Data collection, design of analysis and methodology were found in a 2018 published paper:

2018 paper

Cheruiyot Chepkeitany, J., Waititu, A., & Wanjoya, A. (2018). Response surface methodology in application of optimal manufacturing process of axial-flow fans adopted by modern industries.

American Journal of Theoretical and Applied Sciences, 7(6), 235-241. https://doi.org/10.11648/j.ajtas.20180706.16-342.142

Description of the experiment. Terminology

In this research study, fans specifications are examined in order to provide manufacturers with the instructions for the production of strong, more efficient, and long-lasting cool fans. Given that typical applications of fans include, but they are not limited to, personal thermal comfort, vehicle engine cooling systems, machinery cooling systems, fume extraction, winnowing, and numerous others, their reliability is a crucial problem in fans manufacturing industry. Therefore, the process of finding the best settings from all feasible settings is an interesting statistical problem.

Three are the fan’s characteristics studied in this experiment: the type of the hole shape in the fan blade, the shape of the hub or barrel surface into which the blade is placed, and the type of assembly method for the two components. In statistical terms, there are three independent variable $x_1, \ x_2, \ x_3$ with two levels each.

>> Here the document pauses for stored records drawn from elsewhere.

(* Let $X$ be a Banach space, $\varphi:X\to\,]-\infty,+\infty]$ be quasiconvex, proper and lower semicontinuous, and $v^*\in X^*$. If $\varphi_{v^*}$ is not quasiconvex, then there exist $u,v,w\in X$ with $v\in\,]u,w[$ such that (i) $\varphi(w)\ge\varphi(v)>\varphi(u)$; (ii) $\varphi_{v^*}(v)>\max\{\varphi_{v^*}(u),\varphi_{v^*}(w)\}$; (iii) for every $\gamma>0$ there exists $v_\gamma\in\mathbb{B}_\gamma(v)\cap\,]v,w[$ with $\varphi_{v^*}(v)>\varphi_{v^*}(v_\gamma)$.
   Context: $]a,b[$ denotes the open segment $\{a+t(b-a):t\in\,]0,1[\}$; $\mathbb{B}_\gamma(v)$ is the open ball of radius $\gamma$ centered at $v$. For $v^*\in X^*$, $\varphi_{v^*}(x):=\varphi(x)+\langle v^*,x\rangle$. A function $f$ is quasiconvex if $f(\lambda x+(1-\lambda)y)\le\max\{f(x),f(y)\}$ for all $x,y\in X$, $\lambda\in\,]0,1[$. *)

From Stdlib Require Import Reals Lra.
Open Scope R_scope.

Record Banach := {
  car :> Type;
  vzero : car;
  vadd : car -> car -> car;
  vopp : car -> car;
  vscal : R -> car -> car;
  vnorm : car -> R;
  vadd_assoc : forall x y z, vadd x (vadd y z) = vadd (vadd x y) z;
  vadd_comm : forall x y, vadd x y = vadd y x;
  vadd_zero : forall x, vadd x vzero = x;
  vadd_opp : forall x, vadd x (vopp x) = vzero;
  vscal_one : forall x, vscal 1 x = x;
  vscal_assoc : forall a b x, vscal a (vscal b x) = vscal (a * b) x;
  vscal_distr_r : forall a x y, vscal a (vadd x y) = vadd (vscal a x) (vscal a y);
  vscal_distr_l : forall a b x, vscal (a + b) x = vadd (vscal a x) (vscal b x);
  vnorm_nonneg : forall x, 0 <= vnorm x;
  vnorm_zero : forall x, vnorm x = 0 -> x = vzero;
  vnorm_scal : forall a x, vnorm (vscal a x) = Rabs a * vnorm x;
  vnorm_triangle : forall x y, vnorm (vadd x y) <= vnorm x + vnorm y;
  complete : forall u : nat -> car,
    (forall eps, eps > 0 -> exists N, forall n m, (n >= N)%nat -> (m >= N)%nat ->
        vnorm (vadd (u n) (vopp (u m))) < eps) ->
    exists l, forall eps, eps > 0 -> exists N, forall n, (n >= N)%nat ->
        vnorm (vadd (u n) (vopp l)) < eps
}.

Arguments vzero {_}. Arguments vadd {_}. Arguments vopp {_}.
Arguments vscal {_}. Arguments vnorm {_}.

Definition vsub {X : Banach} (x y : X) : X := vadd x (vopp y).

Definition in_open_seg {X : Banach} (a b x : X) : Prop :=
  exists t, 0 < t < 1 /\ x = vadd a (vscal t (vsub b a)).

Definition in_ball {X : Banach} (v : X) (g : R) (x : X) : Prop :=
  vnorm (vsub x v) < g.

Definition is_cont_linear {X : Banach} (f : X -> R) : Prop :=
  (forall x y, f (vadd x y) = f x + f y) /\
  (forall a x, f (vscal a x) = a * f x) /\
  (exists C, forall x, Rabs (f x) <= C * vnorm x).

Inductive ereal := Fin (r : R) | PInf.
Lemma prob_or_disjoint (E E' : Omega -> Prop) :
  F E -> F E' -> (forall w, E w -> E' w -> False) ->
  P (fun w => E w \/ E' w) = P E + P E'.
Proof.
  intros HE HE' Hdisj.
  destruct HP as [_ [_ Hadd]].
  set (D := fun k : nat => match k with 0%nat => E | 1%nat => E' | _ => fun _ => False end).
  assert (HD : forall k, F (D k)) by (intros [|[|k]]; simpl; auto using measurable_False).
  assert (HDdisj : forall k l w, k <> l -> D k w -> D l w -> False)
    by (intros [|[|k]] [|[|l]] w Hkl; simpl; try tauto; try lia; eauto).
  pose proof (Hadd D HD HDdisj) as Hsum.
  rewrite (prob_ext (fun w => exists k, D k w) (fun w => E w \/ E' w)) in Hsum.
  2:{ intros w; split.
      - intros [[|[|k]] Hk]; simpl in Hk; tauto.
      - intros [Hw|Hw]; [exists 0%nat | exists 1%nat]; auto. }
  apply (UL_sequence _ _ _ Hsum), (Un_cv_eventually_eq _ _ 1).
  intros n Hn; induction Hn as [|n Hn IH]; [simpl; ring|].
  simpl sum_f_R0 in *; rewrite IH.
  destruct n as [|n]; [lia|]; simpl; rewrite prob_False; ring.
Qed.

Lemma prob_not (E : Omega -> Prop) : F E -> P (fun w => ~ E w) = 1 - P E.
Proof.
  intros HE.
  pose proof (prob_or_disjoint E (fun w => ~ E w) HE (measurable_not _ HE) (fun w a b => b a))
    as Hsplit.
  rewrite (prob_ext _ (fun _ => True)) in Hsplit by (intros w; split; auto; intros; apply classic).
  destruct HP as [_ [Htrue _]]; lra.
Qed.

Lemma prob_mono (E E' : Omega -> Prop) :
  F E -> F E' -> (forall w, E w -> E' w) -> P E <= P E'.
Proof.
  intros HE HE' Hsub.
  assert (Hdiff : F (fun w => E' w /\ ~ E w)) by (apply measurable_and, measurable_not; auto).
  pose proof (prob_or_disjoint E _ HE Hdiff (fun w a b => proj2 b a)) as Hsplit.
  rewrite (prob_ext _ E') in Hsplit by (intros w; split; [firstorder | intros; tauto]).
  destruct HP as [Hpos _]; pose proof (Hpos _ Hdiff); lra.
Qed.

$x_1$: Hole shape coded as hex holes (-1), or round holes (1)
$x_2$: Shape of hub coded as knurled (-1), or smooth (1)
$x_3$: Type of assembling method coded as staked (-1), or spun (1)

The efficiency and performance of the fan is measured by estimating the tarque force required to break the fan. So, the dependent variable is tarque force.

$y: Tarque\ force$

Matrix Equation Equivalent to a Second-Order Multiple Regression Model

The authors decided to form a second-order multiple regression model to determine the simultaneous effects of the independent variables on the dependent variable. Without going into details, which are described in previous lessons, the quadratic model based on their collected data is

$$\hat{y}=180.23+2.4029\ast x_1+1.8705\ast x_2+30.776\ast x_3-43.805\ast x_1^2-44.158{\ast x}_2^2$$

$$-21.006\ast x_3^2-2.2335\ast{10}^{-14}\ast x_1\ast x_2+1.25\ast x_1\ast x_3 -x_2\ast x_3$$

In R, it is possible to describe such a model without the use of the commands lm( ) or rsm( ), where the explicit set of data is needed, by using the command function( ) with argument $x_1, \ x_2, \ x_3$ as it is explained in Figure 1:

Figure 1

R -Commands for Fitting the Multiple Regression Model

The second-order model is mainly used for predictive purposes, i.e., if the independent variables $x_1, \ x_2, \ x_3$ are substituted by a set of their experimental values, then a fitted (predictive) value for the dependent variable is obtained which is an estimation of the real experimental value of $y$. Consequently, the model can be used in a region near the experimental values for $x_1, \ x_2, \ x_3$ to predict the values of $y$. The coefficients of the variables $x_1, \ x_2, \ x_3$ in the right-hand side of the equation play an important role in the construction of the model and are calculated based on calculus formulas.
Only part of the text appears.